───── Exercise data ─────

Lemma piece_sum_inside l : pieces_disjoint l ->
  forall c p, In c l -> snd c p -> piece_sum l p = fst c.
Proof.
  induction l as [|d l IH]; simpl; [tauto|]. intros [HD HL] c p [E|Hc] Hp.
  - subst d. rewrite piece_sum_outside.
    + unfold indicator. destruct (excluded_middle_informative (snd c p)); [ring|tauto].
    + intros e He He'. apply (HD e He p). tauto.
  - rewrite (IH HL c p Hc Hp). unfold indicator.
    destruct (excluded_middle_informative (snd d p)) as [h|h]; [|ring].
    exfalso. apply (HD c Hc p). tauto.
Qed.

Lemma Qb_diff_piece_sum l : Forall (fun c => in_Sigma (snd c)) l -> Qb_diff (piece_sum l).
Proof.
  induction l as [|c l IH]; intros HF.
  - apply (Qb_diff_ext (cst 0)); auto using Qb_diff_const.
  - inversion HF; subst.
    apply (Qb_diff_ext (fun p => fst c * indicator (snd c) p + 1 * piece_sum l p)).
    + apply Qb_diff_lin; auto using Qb_diff_indicator.
    + intros; simpl; ring.
Qed.

Lemma Qb_diff_simple s : simple_fn s -> Qb_diff s.
Proof.
  intros [l [HF [HD Hs]]]. apply (Qb_diff_ext (piece_sum l)); auto using Qb_diff_piece_sum.
  intros p Hp. destruct (Hs p Hp) as [H0 H1].
  destruct (classic (exists c, In c l /\ snd c p)) as [[c [Hc Hcp]]|Hn].
  - rewrite (H1 c Hc Hcp). apply piece_sum_inside; auto using pieces_disjoint_nth.
  - assert (Hout : forall c, In c l -> ~ snd c p) by (intros c Hc Hcp; apply Hn; eauto).
    rewrite H0, piece_sum_outside; auto.
Qed.

Definition approx_by_Qb_diff (f : R -> R) : Prop :=
  forall eps, 0 < eps -> exists g h, in_Qb g /\ in_Qb h /\
    forall p, unit_int p -> Rabs (f p - (g p - h p)) <= eps.

Lemma B_approx_by_Qb_diff f : in_B f -> approx_by_Qb_diff f.
Proof.
  intros [_ H] eps He. destruct (H eps He) as [s [Hs Hfs]].
  destruct (Qb_diff_simple s Hs) as [g [h [Hg [Hh E]]]].
  exists g, h. split; [|split]; auto. intros p Hp. rewrite <- E; auto.
Qed.

Lemma Rabs_lin_le a b x y e : Rabs x <= e -> Rabs y <= e ->
  Rabs (a * x + b * y) <= (Rabs a + Rabs b) * e.
Proof.
  intros Hx Hy. eapply Rle_trans; [apply Rabs_triang|]. rewrite !Rabs_mult.
  pose proof (Rmult_le_compat_l _ _ _ (Rabs_pos a) Hx).
  pose proof (Rmult_le_compat_l _ _ _ (Rabs_pos b) Hy). lra.
Qed.

Lemma comb_approx a b f1 f2 g1 h1 g2 h2 e p :
  Rabs (f1 p - (g1 p - h1 p)) <= e -> Rabs (f2 p - (g2 p - h2 p)) <= e ->
  Rabs (a * f1 p + b * f2 p - (comb a b g1 h1 g2 h2 p - comb a b h1 g1 h2 g2 p))
    <= (Rabs a + Rabs b) * e.
Proof.
  intros H1 H2. rewrite comb_sub.
  replace (a * f1 p + b * f2 p - (a * (g1 p - h1 p) + b * (g2 p - h2 p)))
    with (a * (f1 p - (g1 p - h1 p)) + b * (f2 p - (g2 p - h2 p))) by ring.
  apply Rabs_lin_le; auto.
Qed.

Lemma approx_by_Qb_diff_lin f1 f2 a b : approx_by_Qb_diff f1 -> approx_by_Qb_diff f2 ->
  approx_by_Qb_diff (fun p => a * f1 p + b * f2 p).
Proof.
  intros H1 H2 eps He.
  set (e := eps / (Rabs a + Rabs b + 1)).
  pose proof (Rabs_pos a). pose proof (Rabs_pos b).
  assert (Ee : (Rabs a + Rabs b + 1) * e = eps) by (unfold e; field; lra).
  assert (Hp : 0 < e) by (unfold e; apply Rdiv_lt_0_compat; lra).
  destruct (H1 e Hp) as [g1 [h1 [Q1 [R1 A1]]]].
  destruct (H2 e Hp) as [g2 [h2 [Q2 [R2 A2]]]].
  exists (comb a b g1 h1 g2 h2), (comb a b h1 g1 h2 g2). split; [|split]; auto using Qb_comb.
  intros p Hp'. eapply Rle_trans; [apply comb_approx; auto|]. nra.
Qed.
Section Preference.

Variable pref : (R -> R) -> (R -> R) -> Prop.
Hypothesis pref_preorder : total_preorder_Qb pref.
Hypothesis pref_continuous : continuous_pref pref.
Hypothesis pref_monotonic : monotonic_pref pref.
Hypothesis pref_dual_indep : dual_independence pref.

Lemma pref_refl f : in_Qb f -> pref f f.
Proof. apply (proj1 pref_preorder). Qed.

Lemma pref_trans f g h : in_Qb f -> in_Qb g -> in_Qb h -> pref f g -> pref g h -> pref f h.
Proof. apply (proj1 (proj2 pref_preorder)). Qed.

Lemma pref_total f g : in_Qb f -> in_Qb g -> pref f g \/ pref g f.
Proof. apply (proj2 (proj2 pref_preorder)). Qed.

Lemma strict_pref_trans_l f g h : in_Qb f -> in_Qb g -> in_Qb h ->
  strict pref f g -> pref g h -> strict pref f h.
Proof.
  intros Hf Hg Hh [H1 H2] H3. split; [apply (pref_trans f g h); auto|].
  intros H4. apply H2. apply (pref_trans g h f); auto.
Qed.

Lemma strict_pref_trans_r f g h : in_Qb f -> in_Qb g -> in_Qb h ->
  pref f g -> strict pref g h -> strict pref f h.
Proof.
  intros Hf Hg Hh H1 [H2 H3]. split; [apply (pref_trans f g h); auto|].
  intros H4. apply H3. apply (pref_trans h f g); auto.
Qed.

Lemma pref_of_le f g : in_Qb f -> in_Qb g -> (forall p, unit_int p -> g p <= f p) -> pref f g.
Proof. intros Hf Hg H. apply pref_monotonic; auto. intros; apply Rle_ge; auto. Qed.

Lemma pref_between_consts f : in_Qb f ->
  exists M, pref (cst M) f /\ pref f (cst (- M)).
Proof.
  intros Hf. pose proof Hf as [[M HM] _]. exists M.
  split; apply pref_of_le; auto using Qb_const; intros p Hp; unfold cst;
    pose proof (Rabs_le_inv _ _ (HM p Hp)); lra.
Qed.

(* Dual independence spreads a single strict comparison of constants to all pairs:
   mixing c, d and a constant h with weight a = (x - y)/(c - d) gives the constants
   x > y whenever x - y < c - d, and monotonicity handles larger gaps. *)
Lemma const_strict_spread c d : strict pref (cst c) (cst d) ->
  forall x y, y < x -> strict pref (cst x) (cst y).
Proof.
  intros Hcd.
  assert (Hdc : d < c).
  { destruct (Rlt_dec d c) as [|Hn]; auto. exfalso. apply (proj2 Hcd).
    apply pref_of_le; auto using Qb_const. intros; unfold cst; lra. }
  assert (Hsmall : forall x y, y < x -> x - y < c - d -> strict pref (cst x) (cst y)).
  { intros x y Hxy Hs.
    set (a := (x - y) / (c - d)).
    assert (Ea : a * (c - d) = x - y) by (unfold a; field; lra).
    assert (Ha : 0 < a < 1) by (split; nra).
    set (h := (x - a * c) / (1 - a)).
    assert (Eh : (1 - a) * h = x - a * c) by (unfold h; field; lra).
    pose proof (pref_dual_indep (cst c) (cst d) (cst h) a
                  (Qb_const _) (Qb_const _) (Qb_const _) Ha Hcd) as H.
    replace (fun p => a * cst c p + (1 - a) * cst h p) with (cst x) in H
      by (apply functional_extensionality; intros; unfold cst; rewrite Eh; ring).
    replace (fun p => a * cst d p + (1 - a) * cst h p) with (cst y) in H; [exact H|].
    apply functional_extensionality; intros; unfold cst. rewrite Eh.
    replace (a * d + (x - a * c)) with (x - a * (c - d)) by ring. rewrite Ea; ring. }
  intros x y Hxy. destruct (Rlt_dec (x - y) (c - d)) as [Hs|Hs]; auto.
  apply (strict_pref_trans_l _ (cst (x - (c - d) / 2))); auto using Qb_const.
  - apply Hsmall; lra.
  - apply pref_of_le; auto using Qb_const. intros; unfold cst; lra.
Qed.

(* Degenerate case: if no constant is strictly preferred to another, nothing is
   strictly preferred at all (sandwich between constants), so 0 represents. *)
Lemma zero_represents : ~ (exists c d, strict pref (cst c) (cst d)) ->
  represents_on_Qb (fun _ => 0) pref.
Proof.
  intros Hnone f g Hf Hg. split; [|lra]. intros Hfg. exfalso. apply Hnone.
  destruct (pref_between_consts f Hf) as [M1 [HM1 _]].
  destruct (pref_between_consts g Hg) as [M2 [_ HM2]].
  exists M1, (- M2).
  apply (strict_pref_trans_r _ f); auto using Qb_const.
  apply (strict_pref_trans_l _ g); auto using Qb_const.
Qed.

Lemma pref_at_limit phi (G : R -> R -> R) : in_Qb phi -> (forall e, in_Qb (G e)) ->
  (forall e p, unit_int p -> Rabs (G e p - G 0 p) <= Rabs e) ->
  ((forall e, 0 < e -> pref (G e) phi) -> pref (G 0) phi) /\
  ((forall e, 0 < e -> pref phi (G e)) -> pref phi (G 0)).
Proof.
  intros Hphi HG Hlip.
  assert (Hconv : unif_conv (fun n => G (/ (INR n + 1))) (G 0)).
  { apply unif_conv_of_bound. intros n p Hp.
    rewrite <- (Rabs_pos_eq (/ (INR n + 1))) at 2; auto using Rlt_le, inv_succ_pos. }
  destruct (pref_continuous phi Hphi _ _ (fun n => HG _) (HG 0) Hconv) as [Hup Hlow].
  split; intros H; [apply Hup | apply Hlow]; intros n; apply H, inv_succ_pos.
Qed.

Section CertaintyEquivalent.

Hypothesis const_increasing : forall x y, y < x -> strict pref (cst x) (cst y).

Lemma mix_cst_lipschitz a y z g p : 0 <= a <= 1 ->
  Rabs (mix a (cst y) g p - mix a (cst z) g p) <= Rabs (y - z).
Proof.
  intros Ha. unfold mix, cst.
  replace (a * y + (1 - a) * g p - (a * z + (1 - a) * g p)) with (a * (y - z)) by ring.
  rewrite Rabs_mult, (Rabs_pos_eq a); [|lra]. pose proof (Rabs_pos (y - z)). nra.
Qed.

(* Dual independence applies to the strict
   comparisons f > x - e and x + e > f, and continuity lets e go to 0. *)
Lemma mix_indifferent a f g x : 0 < a < 1 -> in_Qb f -> in_Qb g ->
  pref f (cst x) -> pref (cst x) f ->
  pref (mix a f g) (mix a (cst x) g) /\ pref (mix a (cst x) g) (mix a f g).
Proof.
  intros Ha Hf Hg Hfx Hxf.
  assert (Qm : forall h, in_Qb h -> in_Qb (mix a h g)) by (intros; apply Qb_mix; auto; lra).
  assert (E0 : forall s, mix a (cst x) g = (fun e => mix a (cst (x + s * e)) g) 0)
    by (intros s; rewrite Rmult_0_r, Rplus_0_r; reflexivity).
  assert (Hlip : forall s e p, Rabs s = 1 -> unit_int p ->
    Rabs (mix a (cst (x + s * e)) g p - mix a (cst (x + s * 0)) g p) <= Rabs e).
  { intros s e p Hs Hp. eapply Rle_trans; [apply mix_cst_lipschitz; lra|].
    replace (x + s * e - (x + s * 0)) with (s * e) by ring.
    rewrite Rabs_mult, Hs; lra. }
  split.
  - rewrite (E0 (-1)).
    refine (proj2 (pref_at_limit (mix a f g) (fun e => mix a (cst (x + -1 * e)) g) _ _
                     (fun e p => Hlip (-1) e p ltac:(unfold Rabs; destruct Rcase_abs; lra))) _);
      auto using Qb_const.
    intros e He. apply pref_dual_indep; auto using Qb_const.
    apply (strict_pref_trans_r _ (cst x)); auto using Qb_const.
    apply const_increasing; lra.
  - rewrite (E0 1).
    refine (proj1 (pref_at_limit (mix a f g) (fun e => mix a (cst (x + 1 * e)) g) _ _
                     (fun e p => Hlip 1 e p Rabs_R1)) _);
      auto using Qb_const.
    intros e He. apply pref_dual_indep; auto using Qb_const.
    apply (strict_pref_trans_l _ (cst x)); auto using Qb_const.
    apply const_increasing; lra.
Qed.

─────

§ **Assigned task**
Starting at the line above that contains "Lemma Rabs_lin_le a", repeat each line exactly up to and including the line that contains "Lemma comb_approx a", and stop there.

§ **Result of the task**
Lemma Rabs_lin_le a b x y e : Rabs x <= e -> Rabs y <= e ->
  Rabs (a * x + b * y) <= (Rabs a + Rabs b) * e.
Proof.
  intros Hx Hy. eapply Rle_trans; [apply Rabs_triang|]. rewrite !Rabs_mult.
  pose proof (Rmult_le_compat_l _ _ _ (Rabs_pos a) Hx).
  pose proof (Rmult_le_compat_l _ _ _ (Rabs_pos b) Hy). lra.
Qed.

Lemma comb_approx a b f1 f2 g1 h1 g2 h2 e p :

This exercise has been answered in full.